Альма. Неотразимая - Тимоте де Фомбель
Наконец тот, кто пел, замолкает. Должно быть, растянулся в гамаке.
– Чего мы ждём? – спрашивает он.
– Английскую шлюпку.
– Зачем?
– Не знаю. Дождёмся и сразу снимемся.
Певец бормочет:
Был он английских кровей,
Зубы друг друга острей…
– Тише ты, плотник!
Затаившийся в паре шагов от них Жак Пуссен подумал, что говорят ему.
– Так и быть, брат плотник.
Пение стихает. Так, значит, эти люди – корабельные плотники. Пуссену везёт. Ему удалось пролезть в окно, которое расширили, чтобы лучше продувало отсеки. Потом он пробирался наугад, ползком, оставляя за собой лужи морской воды.
Когда те двое вошли, Пуссен вспомнил Альму. И ту ночь, когда они её нашли. Теперь и он забился между джутовых мешков и бочек в недрах корабля. Он вспоминает мрачный взгляд девушки и внезапно изменившийся – Жозефа. Когда несколько месяцев спустя эти дети исчезли в море вместе с великаном с отрезанным ухом, Пуссен единственный не верил, что они утонули. Стоит ли переживать за гребни, отделяющиеся в бурю от волн? Взмыв, они падают, но продолжают свой путь. Однако если никогда не встретить той же самой волны, то что касается Альмы и Жозефа, Пуссен не сомневался: он их еще увидит. Он был уверен, они живы.
– Скажи-ка, брат плотник.
Разговор возобновляется:
– Я тут подумал. Англичане твои…
– Никакие они не мои.
– Они чинили один из кораблей на пляже.
– Да, который корабельный червь источил. Там четверть всей обшивки менять.
– Половину.
– Четверть.
– Половину.
Два француза, товарищи по ремеслу, спорят о своём деле, лёжа в гамаках… У Пуссена наворачиваются слёзы. Он и мечтать не смел когда-нибудь вернуться в этот мир. Возможно, дальше его жизнь потечёт с того самого места, где однажды замерла.
– Выходит, кто-то отправил это судно на три года в море, пройти двадцать тысяч миль, никак не защитив ни днище, ни борта?
– Да, кто-то, видно, так и сделал.
– Англичанин небось.
– А то.
Они сопровождали капитана «Астролябии» во время визита к англичанам в заливе Порт-Джексон, оглядывая их корабли, как крестьяне смотрят по дороге на соседские поля.
– Тот корабль был тонн на триста.
– Чуть больше.
– Чуть меньше.
– Неужто британский король разорился бы на медной обшивке? Как там его, кстати?
– Кого?
– Короля.
– Георг. Номера не помню.
– Точно, как мой дедушка Жорж. Ну и во что бы это ему обошлось?

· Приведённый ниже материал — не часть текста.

Lemma closed_compl_open (U : pset X) : opn X U -> closed (fun x => ~ U x).
Proof.
  intros HU; unfold closed.
  rewrite (pset_ext (fun x => ~ ~ U x) U); [exact HU|].
  intro x; split; [apply NNPP | tauto].
Qed.

Lemma subset_closure (A : pset X) : subset A (closure A).
Proof. intros x Hx C _ HAC; auto. Qed.

Lemma closure_least (A C : pset X) : closed C -> subset A C -> subset (closure A) C.
Proof. intros HC HAC x Hx; apply Hx; auto. Qed.

(* In a topology the closure is closed: its complement is the union of
   the complements of the closed supersets of A. *)
Lemma closure_closed (A : pset X) : is_topology X -> closed (closure A).
Proof.
  intros [_ [_ [_ Hunion]]]; unfold closed.
  set (F := fun U : pset X =>
              exists C, closed C /\ subset A C /\ U = (fun x => ~ C x)).
  rewrite (pset_ext (fun x => ~ closure A x) (fun x => exists U, F U /\ U x)).
  - apply Hunion; intros U [C [HC [_ ->]]]; exact HC.
  - intro x; split.
    + intros Hn; apply NNPP; intro Hno; apply Hn; intros C HC HAC.
      apply NNPP; intro HCx; apply Hno.
      exists (fun x => ~ C x); split; [exists C |]; auto.
    + intros [U [[C [HC [HAC ->]]] HU]] Hcl; exact (HU (Hcl C HC HAC)).
Qed.

Lemma closure_meets_open (A U : pset X) (x : X) :
  opn X U -> closure A x -> U x -> meets A U.
Proof.
  intros HU Hx Ux; apply NNPP; intro Hn.
  apply (Hx (fun z => ~ U z) (closed_compl_open U HU)); auto.
  intros a Ha Ua; apply Hn; exists a; auto.
Qed.
(* Let $\mathcal{S}\subset\mathbb{R}_{\ge0}$ be measurable with positive Lebesgue measure, $G$ a probability distribution on $\mathbb{R}$, and $T(G)=\int\nu\,dG/\int\delta\,dG$ a ratio functional. Let $\mathcal{I}=\mathcal{I}(|Z_1|,\dots,|Z_n|)$ be any random interval that is a function of nonnegative observations $|Z_1|,\dots,|Z_n|$. Then $$\mathbb{P}^A_G\big[T(G)\in\mathcal{I}\big]=\mathbb{P}^B_{\mathrm{Tilt}[G]}\big[\mathrm{Tilt}[T](\mathrm{Tilt}[G])\in\mathcal{I}\big],$$ where under $\mathbb{P}^A_G$ the $|Z_1|,\dots,|Z_n|$ are independently generated from the end-truncation model with prior $G$, and under $\mathbb{P}^B_{\mathrm{Tilt}[G]}$ they are independently generated from the per-unit truncation model with prior $\mathrm{Tilt}[G]$.
   Context: $\varphi(z;\mu)$ is the $\mathrm{N}(\mu,1)$ density, $\varphi^{\mathrm{fold}}(z;\mu)=\varphi(z;\mu)+\varphi(-z;\mu)$ and $\Phi(\mathcal{S};\mu)=\int_{\mathcal{S}}\varphi^{\mathrm{fold}}(z;\mu)dz$. End-truncation model with prior $G$: $\mu\sim G$, $|Z|\mid\mu\sim|\mathrm{N}(\mu,1)|$ (folded normal), and $|Z|$ is observed only if $|Z|\in\mathcal{S}$ (each observation is a draw of $|Z|$ conditional on $|Z|\in\mathcal{S}$). Per-unit truncation model with prior $H$: $\mu\sim H$ and $|Z|\mid\mu$ has density $\varphi^{\mathrm{fold}}(z;\mu)\mathbf{1}(z\in\mathcal{S})/\Phi(\mathcal{S};\mu)$. Tilting: $\mathrm{Tilt}[G](d\mu)=\Phi(\mathcal{S};\mu)G(d\mu)/\int\Phi(\mathcal{S};\mu')G(d\mu')$, and for $T(G)=\int\nu\,dG/\int\delta\,dG$, $\mathrm{Tilt}[T](\tilde G)=\int\nu(\mu)\Phi(\mathcal{S};\mu)^{-1}\tilde G(d\mu)/\int\delta(\mu)\Phi(\mathcal{S};\mu)^{-1}\tilde G(d\mu)$ (integrals assumed well defined). *)

From HB Require Import structures.
From mathcomp Require Import all_boot all_order all_algebra.
From mathcomp Require Import all_classical all_reals all_analysis.
Set Implicit Arguments. Unset Strict Implicit. Unset Printing Implicit Defensive.
Import Order.TTheory GRing.Theory Num.Theory.
Local Open Scope classical_set_scope.
Local Open Scope ring_scope.

Section Defs.
Variable R : realType.

Definition phi (mu z : R) : R := normal_pdf mu 1 z.

Definition phi_fold (mu z : R) : R := phi mu z + phi mu (- z).

Definition PhiS (S : set R) (mu : R) : \bar R :=
  (\int[@lebesgue_measure R]_(z in S) (phi_fold mu z)%:E)%E.

Definition ratioT (G : probability R R) (nu delta : R -> R) : R :=
  fine (\int[G]_x (nu x)%:E)%E / fine (\int[G]_x (delta x)%:E)%E.

Definition tiltT (S : set R) (H : probability R R) (nu delta : R -> R) : R :=
  fine (\int[H]_x (nu x / fine (PhiS S x))%:E)%E /
  fine (\int[H]_x (delta x / fine (PhiS S x))%:E)%E.

Definition is_tilt (S : set R) (G H : probability R R) : Prop :=
  forall A : set R, measurable A ->
    H A = (fine (\int[G]_(x in A) PhiS S x)%E / fine (\int[G]_x PhiS S x)%E)%:E.

(* Law of one observation |Z| in the end-truncation model with prior G:
   mu ~ G, |Z| | mu ~ |N(mu,1)|, observed conditionally on |Z| in S:
   P(|Z| in B) = P(|Z| in B /\ |Z| in S) / P(|Z| in S). *)
Definition end_trunc_law (S : set R) (G P : probability R R) : Prop :=
  forall B : set R, measurable B ->
    P B = (fine (\int[G]_x PhiS (B `&` S) x)%E / fine (\int[G]_x PhiS S x)%E)%:E.

(* Law of one observation |Z| in the per-unit truncation model with prior H:
   mu ~ H, |Z| | mu has density phi^fold(z;mu) 1(z in S) / Phi(S;mu). *)
Definition per_unit_law (S : set R) (H P : probability R R) : Prop :=
  forall B : set R, measurable B ->
    P B = (\int[H]_x (fine (PhiS (B `&` S) x) / fine (PhiS S x))%:E)%E.

(* Iterated integral w.r.t. the n-fold product P^{(x) n}; the observation
   vector (|Z_1|,...,|Z_n|) is represented by the list [:: z_1; ...; z_n]. *)
Fixpoint iid_int (P : probability R R) (n : nat) (f : seq R -> \bar R) : \bar R :=
  match n with
  | 0 => f [::]
  | n'.+1 => (\int[P]_x iid_int P n' (fun s => f (x :: s)))%E
  end.

Definition iid_prob (P : probability R R) (n : nat) (E : set (seq R)) : \bar R :=
  iid_int P n (fun s => (\1_E s)%:E).

End Defs.

(* Tilting G by mu |-> Phi(S; mu) gives the prior H = Tilt[G] with density
   Phi(S; .) / c with respect to G, where c = \int Phi(S; .) dG.  Hence
   \int f / Phi(S; .) dH = \int f dG / c for every G-integrable f.  With
   f = nu and f = delta the constant c cancels, so Tilt[T](H) = T(G); with
   f = Phi(B /\ S; .) the per-unit truncation law of |Z| under H is the
   end-truncation law under G.  Both the parameter and the law of the
   observations are therefore the same in the two models. *)

From HB Require Import structures.
From mathcomp Require Import all_boot all_order all_algebra.
From mathcomp Require Import all_classical all_reals all_analysis.
From mathcomp Require Import measurable_realfun.
Import Order.TTheory GRing.Theory Num.Theory.
Local Open Scope classical_set_scope.
Local Open Scope ring_scope.

Section integral_density.
Local Open Scope ereal_scope.
Context d (T : measurableType d) (R : realType).
Variables (mu : {sigma_finite_measure set T -> \bar R})
  (nu : {finite_measure set T -> \bar R}) (k : T -> R).
Hypotheses (mk : measurable_fun setT k) (k_ge0 : forall x, (0 <= k x)%R)
  (nuE : forall A, measurable A -> nu A = \int[mu]_(x in A) (k x)%:E).

Let mEk : measurable_fun setT (EFin \o k).
Proof. exact/measurable_EFinP. Qed.

Lemma density_dominates : nu `<< mu.
Proof.
apply/null_content_dominatesP => A mA muA0.
by rewrite nuE// null_set_integral//; exact: measurable_funTS.
Qed.

Lemma ae_eq_density_Radon_Nikodym :
  ae_eq mu setT (Radon_Nikodym_SigmaFinite.f nu mu) (EFin \o k).
Proof.
apply: integral_ae_eq => //.
- exact: Radon_Nikodym_SigmaFinite.f_integrable density_dominates.
- move=> A _ mA; rewrite -nuE//.
  by rewrite -Radon_Nikodym_SigmaFinite.f_integral//; exact: density_dominates.
Qed.

Lemma ge0_integral_density (f : T -> \bar R) : (forall x, 0 <= f x) ->
  measurable_fun setT f -> \int[nu]_x f x = \int[mu]_x (f x * (k x)%:E).
Proof.
move=> f0 mf.
rewrite -(Radon_Nikodym_SigmaFinite.change_of_variables density_dominates)//.
apply: ae_eq_integral => //.
- apply: emeasurable_funM => //.
  apply: measurable_int.
  exact: Radon_Nikodym_SigmaFinite.f_integrable density_dominates.
- exact: emeasurable_funM.
- exact: ae_eqe_mul2l ae_eq_density_Radon_Nikodym.
Qed.

Lemma integral_density (f : T -> \bar R) : measurable_fun setT f ->
  \int[nu]_x f x = \int[mu]_x (f x * (k x)%:E).
Proof.
move=> mf; rewrite integralE [RHS]integralE.
have funeposMk g x : (fun y => g y * (k y)%:E)^\+ x = g^\+ x * (k x)%:E.
  by rewrite !funeposE maxe_pMl ?lee_fin// mul0e.
have funenegMk g x : (fun y => g y * (k y)%:E)^\- x = g^\- x * (k x)%:E.
  by rewrite !funenegE maxe_pMl ?lee_fin// mul0e mulNe.
under [X in _ = X - _]eq_integral do rewrite funeposMk.
under [X in _ = _ - X]eq_integral do rewrite funenegMk.
rewrite !ge0_integral_density//.
- exact: measurable_funeneg.
- exact: measurable_funepos.
Qed.

End integral_density.

Lemma integral_gt0 d (T : measurableType d) (R : realType)
    (mu : {measure set T -> \bar R}) (D : set T) (f : T -> R) :
  measurable D -> measurable_fun D f -> (0 < mu D)%E ->
  (forall x, D x -> 0 < f x) -> (0 < \int[mu]_(x in D) (f x)%:E)%E.
Proof.
move=> mD mf muD_gt0 f_gt0.
rewrite lt_def integral_ge0 ?andbT; last first.
  by move=> x /f_gt0 /ltW; rewrite lee_fin.
apply/eqP => int_f0.
have mEf : measurable_fun D (EFin \o f) by exact/measurable_EFinP.
have [] := ae_eq_integral_abs mu mD mEf.
move=> /(_ _) [|N [mN muN0 DN]].
  rewrite -int_f0; apply: eq_integral => x /[!inE] Dx.
  by rewrite gee0_abs// lee_fin ltW// f_gt0.
have {}DN : D `<=` N.
  by move=> x Dx; apply: DN => /(_ Dx) /= /eqP; rewrite eqe gt_eqF// f_gt0.
have : (mu D <= mu N)%E by apply: le_measure; rewrite ?inE.
by rewrite muN0 => /(lt_le_trans muD_gt0); rewrite ltxx.
Qed.

Section folded_normal.
Variable R : realType.
Implicit Types (mu z : R) (A : set R).

Lemma phiE mu z : phi mu z = normal_peak 1 * normal_fun mu 1 z.
Proof. by rewrite /phi normal_pdfE ?oner_neq0. Qed.

Lemma phiN mu z : phi mu (- z) = phi (- mu) z.
Proof. by rewrite !phiE /normal_fun -opprD sqrrN opprK. Qed.

Lemma phi_gt0 mu z : 0 < phi mu z.
Proof. by rewrite phiE mulr_gt0 ?normal_peak_gt0 ?oner_neq0 ?expR_gt0. Qed.

Lemma phi_fold_gt0 mu z : 0 < phi_fold mu z.
Proof. by rewrite addr_gt0 ?phi_gt0. Qed.

Lemma measurable_phi_fold mu : measurable_fun setT (phi_fold mu).
Proof.
rewrite (_ : phi_fold mu = phi mu \+ phi (- mu)); last first.
  by apply/funext => z; rewrite /phi_fold phiN.
by apply: measurable_funD; exact: measurable_normal_pdf.
Qed.

Lemma measurable_phi_fold_uncurry :
  measurable_fun setT (fun p : R * R => phi_fold p.1 p.2).
Proof.
have mphi : measurable_fun setT (fun p : R * R => phi p.1 p.2).
  rewrite (_ : (fun p => _) = (fun p => normal_peak 1 * normal_fun p.1 1 p.2));
    last by apply/funext => p; rewrite phiE.
  apply: measurable_funM => //; apply: measurableT_comp => //.
  apply: measurable_funM => //; apply: measurableT_comp => //.
  by apply: measurable_funX; apply: measurable_funB.
apply: measurable_funD => //.
rewrite (_ : (fun p => _) =
  (fun p : R * R => phi p.1 p.2) \o (fun p => (p.1, - p.2)))//.
apply: measurableT_comp mphi _.
by apply: measurable_fun_pair => //; exact: measurableT_comp.
Qed.

Lemma PhiS_ge0 A mu : (0 <= PhiS A mu)%E.
Proof. by apply: integral_ge0 => z _; rewrite lee_fin ltW// phi_fold_gt0. Qed.

Lemma PhiS_le2 A mu : measurable A -> (PhiS A mu <= 2%:E)%E.
Proof.
move=> mA; have mphi := measurable_phi_fold mu.
apply: (@le_trans _ _ (PhiS setT mu)).
  apply: ge0_subset_integral => //; first exact/measurable_EFinP.
  by move=> z _; rewrite lee_fin ltW// phi_fold_gt0.
rewrite /PhiS /phi_fold; under eq_integral do rewrite EFinD phiN.
rewrite ge0_integralD//; last 4 first.
- by move=> z _; rewrite lee_fin normal_pdf_ge0.
- by apply/measurable_EFinP; exact: measurable_normal_pdf.
- by move=> z _; rewrite lee_fin normal_pdf_ge0.
- by apply/measurable_EFinP; exact: measurable_normal_pdf.
by rewrite /phi !integral_normal_pdf.
Qed.

Lemma PhiS_fin_num A mu : measurable A -> PhiS A mu \is a fin_num.
Proof.
move=> mA; rewrite ge0_fin_numE ?PhiS_ge0//.
exact: le_lt_trans (PhiS_le2 _ mu mA) (ltry 2).
Qed.

Lemma PhiS_fineK A mu : measurable A -> (fine (PhiS A mu))%:E = PhiS A mu.
Proof. by move=> mA; rewrite fineK// PhiS_fin_num. Qed.

Lemma PhiS_gt0 A mu : measurable A -> (0 < lebesgue_measure A)%E ->
  (0 < PhiS A mu)%E.
Proof.
move=> mA A_gt0; apply: integral_gt0 => //.
- exact: measurable_funTS (measurable_phi_fold mu).
- by move=> z _; exact: phi_fold_gt0.
Qed.

Lemma measurable_PhiS A : measurable A -> measurable_fun setT (PhiS A).
Proof.
move=> mA.
rewrite (_ : PhiS A = fubini_F lebesgue_measure
    (fun p : R * R => (phi_fold p.1 p.2 * \1_A p.2)%:E)); last first.
  apply/funext => mu; rewrite /PhiS /fubini_F [LHS]integral_mkcond.
  apply: eq_integral => z _; rewrite /patch /indic.
  by case: (z \in A); rewrite /= ?mulr1 ?mulr0.
apply: measurable_fun_fubini_tonelli_F.
  apply/measurable_EFinP; apply: measurable_funM.
    exact: measurable_phi_fold_uncurry.
  exact: measurableT_comp (measurable_indic mA) _.
by move=> p; rewrite lee_fin mulr_ge0 //; exact/ltW/phi_fold_gt0.
Qed.

Lemma measurable_fine_PhiS A : measurable A ->
  measurable_fun setT (fun mu => fine (PhiS A mu)).
Proof. by move=> mA; apply: measurableT_comp => //; exact: measurable_PhiS. Qed.

Lemma integrable_PhiS (m : {finite_measure set R -> \bar R}) A D :
  measurable A -> measurable D -> m.-integrable D (PhiS A).
Proof.
move=> mA mD; apply/integrableP; split.
  exact: measurable_funTS (measurable_PhiS _ mA).
apply: (@le_lt_trans _ _ (\int[m]_(x in D) (cst 2%:E) x)%E).
  apply: ge0_le_integral => //.
  - by apply/measurableT_comp/measurable_funTS => //; exact: measurable_PhiS.
  - by move=> x _; rewrite gee0_abs ?PhiS_ge0 ?PhiS_le2.
by rewrite integral_cst// lte_mul_pinfty// -ge0_fin_numE// fin_num_measure.
Qed.

End folded_normal.

Section tilt.
Context {R : realType} {S : set R} {G H : probability R R}.
Hypotheses (mS : measurable S) (S_pos : (0 < lebesgue_measure S)%E)
  (tiltGH : is_tilt S G H).

Let c := fine (\int[G]_x PhiS S x).

Let fine_PhiS_gt0 (x : R) : 0 < fine (PhiS S x).
Proof. by rewrite -lte_fin PhiS_fineK// PhiS_gt0. Qed.

Let integral_PhiS_fin_num (A : set R) : measurable A ->
  (\int[G]_(x in A) PhiS S x)%E \is a fin_num.
Proof. by move=> mA; apply: integrable_fin_num => //; exact: integrable_PhiS. Qed.

Let c_gt0 : 0 < c.
Proof.
rewrite /c -lte_fin fineK ?integral_PhiS_fin_num//.
under eq_integral do rewrite -PhiS_fineK//.
apply: integral_gt0 => //; first exact: measurable_fine_PhiS.
by rewrite [X in (_ < X)%E]probability_setT lte01.
Qed.

Lemma tilt_density (A : set R) : measurable A ->
  H A = (\int[G]_(x in A) (fine (PhiS S x) / c)%:E)%E.
Proof.
move=> mA; rewrite tiltGH// -/c EFinM fineK ?integral_PhiS_fin_num//.
rewrite -ge0_integralZr//; last 3 first.
- by apply: measurable_funTS; exact: measurable_PhiS.
- by move=> ? _; exact: PhiS_ge0.
- by rewrite lee_fin invr_ge0 ltW.
by apply: eq_integral => x _; rewrite EFinM PhiS_fineK.
Qed.

Lemma integral_tilt (f : R -> R) : G.-integrable setT (EFin \o f) ->
  (\int[H]_x (f x / fine (PhiS S x))%:E)%E =
  (fine (\int[G]_x (f x)%:E)%E / c)%:E.
Proof.
move=> intf; have mf : measurable_fun setT f.
  by apply/measurable_EFinP; exact: measurable_int intf.
have mPhiSV : measurable_fun setT (fun x => (fine (PhiS S x))^-1).
  rewrite (_ : (fun x => _) = (@powR R ^~ (-1)) \o (fun x => fine (PhiS S x))).
    apply: measurableT_comp; first exact: measurable_powR.
    exact: measurable_fine_PhiS.
  by apply/funext => x /=; rewrite powR_inv1// ltW.
have k_ge0 x : 0 <= fine (PhiS S x) / c by rewrite divr_ge0// ltW.
have mk : measurable_fun setT (fun x => fine (PhiS S x) / c).
  by apply: measurable_funM => //; exact: measurable_fine_PhiS.
rewrite (@integral_density _ _ _ G H _ mk k_ge0 tilt_density); last first.
  by apply/measurable_EFinP; exact: measurable_funM.
under eq_integral do rewrite -EFinM mulrA divfK ?gt_eqF// EFinM.
by rewrite integralZr// -[in LHS](fineK (integrable_fin_num _ intf)).
Qed.

Lemma tiltT_ratioT {nu delta : R -> R} :
  G.-integrable setT (EFin \o nu) -> G.-integrable setT (EFin \o delta) ->
  tiltT S H nu delta = ratioT G nu delta.
Proof.
move=> int_nu int_delta; rewrite /tiltT !integral_tilt//= /ratioT.
by rewrite invfM invrK mulrACA mulVf ?gt_eqF// mulr1.
Qed.

Lemma end_trunc_per_unit_law_eq {P Q : probability R R} :
  end_trunc_law S G P -> per_unit_law S H Q ->
  forall B, measurable B -> P B = Q B.
Proof.
move=> PE QE B mB; have mBS := measurableI _ _ mB mS.
have int_PhiS :
    G.-integrable setT (EFin \o (fun x => fine (PhiS (B `&` S) x))).
  apply: (eq_integrable measurableT (PhiS (B `&` S))).
    by move=> x _ /=; rewrite PhiS_fineK.
  exact: integrable_PhiS.
rewrite PE// QE// integral_tilt//.
by congr (fine _ / _)%:E; apply: eq_integral => x _; rewrite PhiS_fineK.
Qed.

End tilt.

Lemma eq_measure_iid_int (R : realType) (P Q : probability R R) n f :
  (forall A, measurable A -> P A = Q A) -> iid_int P n f = iid_int Q n f.
Proof.
move=> PQ; elim: n f => [//|n IHn] f /=.
under eq_integral do rewrite IHn.
by apply: eq_measure_integral => A mA _; exact: PQ.
Qed.

Theorem theorem3 (R : realType) (S : set R)
  (mS : measurable S) (S_nneg : S `<=` [set x | 0 <= x])
  (S_pos : (0 < (@lebesgue_measure R) S)%E)
  (G : probability R R) (nu delta : R -> R)
  (int_nu : G.-integrable setT (fun x => (nu x)%:E))
  (int_delta : G.-integrable setT (fun x => (delta x)%:E))
  (delta_ne0 : (\int[G]_x (delta x)%:E)%E != 0%E)
  (n : nat) (I : seq R -> interval R)
  (H : probability R R) (HH : is_tilt S G H)
  (PA PB : probability R R)
  (HA : end_trunc_law S G PA) (HB : per_unit_law S H PB) :
  iid_prob PA n [set s | ratioT G nu delta \in I s] =
  iid_prob PB n [set s | tiltT S H nu delta \in I s].
Proof.
rewrite (tiltT_ratioT mS S_pos HH int_nu int_delta) /iid_prob.
apply: eq_measure_iid_int => B mB.
exact: (end_trunc_per_unit_law_eq mS S_pos HH HA HB).
Qed.
End CoreEPInverse.

Theorem corollary4p5 (R : realType) (n : nat) (A B : 'M[R[i]]_n) :
  coreEP_le A B <->
  exists E1 E2 : 'M[R[i]]_n,
    let E3 := 1%:M - E1 - E2 in
    [/\ E1 = A *m coreEP A /\ (ctrmx E2 = E2 /\ E2 *m E2 = E2),
        idem_system3 E1 E2 E3,
        (* A = [[T1,S1,S2],[0,N1,N2],[0,N3,N4]]_{ExE} *)
        E2 *m A *m E1 = 0 /\ E3 *m A *m E1 = 0,
        (* B = [[T1,S1,S2],[0,T3,T4],[0,0,T5]]_{ExE} *)
        [/\ E1 *m B *m E1 = E1 *m A *m E1, E1 *m B *m E2 = E1 *m A *m E2
          & E1 *m B *m E3 = E1 *m A *m E3] /\
        [/\ E2 *m B *m E1 = 0, E3 *m B *m E1 = 0 & E3 *m B *m E2 = 0] &
        (* T1, T3 corner-invertible; N1+N2+N3+N4 and T5 nilpotent *)
        [/\ corner_unit E1 (E1 *m A *m E1), corner_unit E2 (E2 *m B *m E2),
            mx_nilpotent (E2 *m A *m E2 + E2 *m A *m E3 + E3 *m A *m E2 + E3 *m A *m E3)
          & mx_nilpotent (E3 *m B *m E3)]].

Proof.
have [hP PP QAP unitA nilA] := coreEP_decomposition (coreEP_spec A).
have leP := coreEP_leP A B.
rewrite -[1%:M]/(1 : 'M_n) !mulmxE.
move: (A * coreEP A) hP PP QAP unitA nilA leP => P hP PP QAP unitA nilA leP.
split=> [/leP [PB BP] | [E1 [E2]]]; last first.
  case=> [[-> _] [_ _ _ sum1 _] [P21 P31] [[B11 B12 B13] [B21 B31 _]] _].
  apply/leP; split; first exact: eq_partition_r sum1 B11 B12 B13.
  by apply: (eq_partition_l sum1); rewrite !mulrA ?B11 ?B21 ?P21 ?B31 ?P31.
pose B2 := (1 - P) * B * (1 - P).
have [hP2 P2P2 QBP2 unitB nilB] := coreEP_decomposition (coreEP_spec B2).
have QP2 : (1 - P) * (B2 * coreEP B2) = B2 * coreEP B2.
  by rewrite /B2 !mulrA compl_idem.
move: (B2 * coreEP B2) hP2 P2P2 QBP2 unitB nilB QP2.
move=> P2 hP2 P2P2 QBP2 unitB nilB QP2.
have [PP2 P2P] := herm_idem_orth hP hP2 PP QP2.
have [P2Q E3l E3r] := orth_complE PP2 P2P.
have E3Q : (1 - P - P2) * (1 - P) = 1 - P - P2.
  by rewrite -E3l -mulrA compl_idem.
have compress x y : x * B2 * y = x * (1 - P) * B * ((1 - P) * y).
  by rewrite /B2 !mulrA.
rewrite !compress ?P2Q ?QP2 ?E3l ?E3r in unitB QBP2 nilB.
exists P, P2; split=> //; first exact: idem_system3_compl.
- by split; apply: compl_block_eq0 QAP _.
- split; first by split; rewrite PB.
  by split=> //; rewrite -mulrA BP mulrA; apply: compl_block_eq0 QAP _.
by split=> //; rewrite -mulrDsandwich addrC subrK.
Qed.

– На судно в триста тонн нужно листов девятьсот меди, по тридцать су каждый. Прибавь гвозди, мастику, дёготь да работу… Тысяч двадцать ливров на всё про всё.
Пуссен улыбается в темноте. По его прикидкам вышло столько же. Он доволен. Не забыл ремесло.
– Двадцать тысяч ливров – это ж для короля пустяк? – говорит один из плотников.
Он шутит, не догадываясь, что именно такая сумма – двадцать тысяч ливров – значилась на счёте за четыре последних месяца, который модистка Роза Бертен отправила за платья своей лучшей клиентке, королеве Марии-Антуанетте.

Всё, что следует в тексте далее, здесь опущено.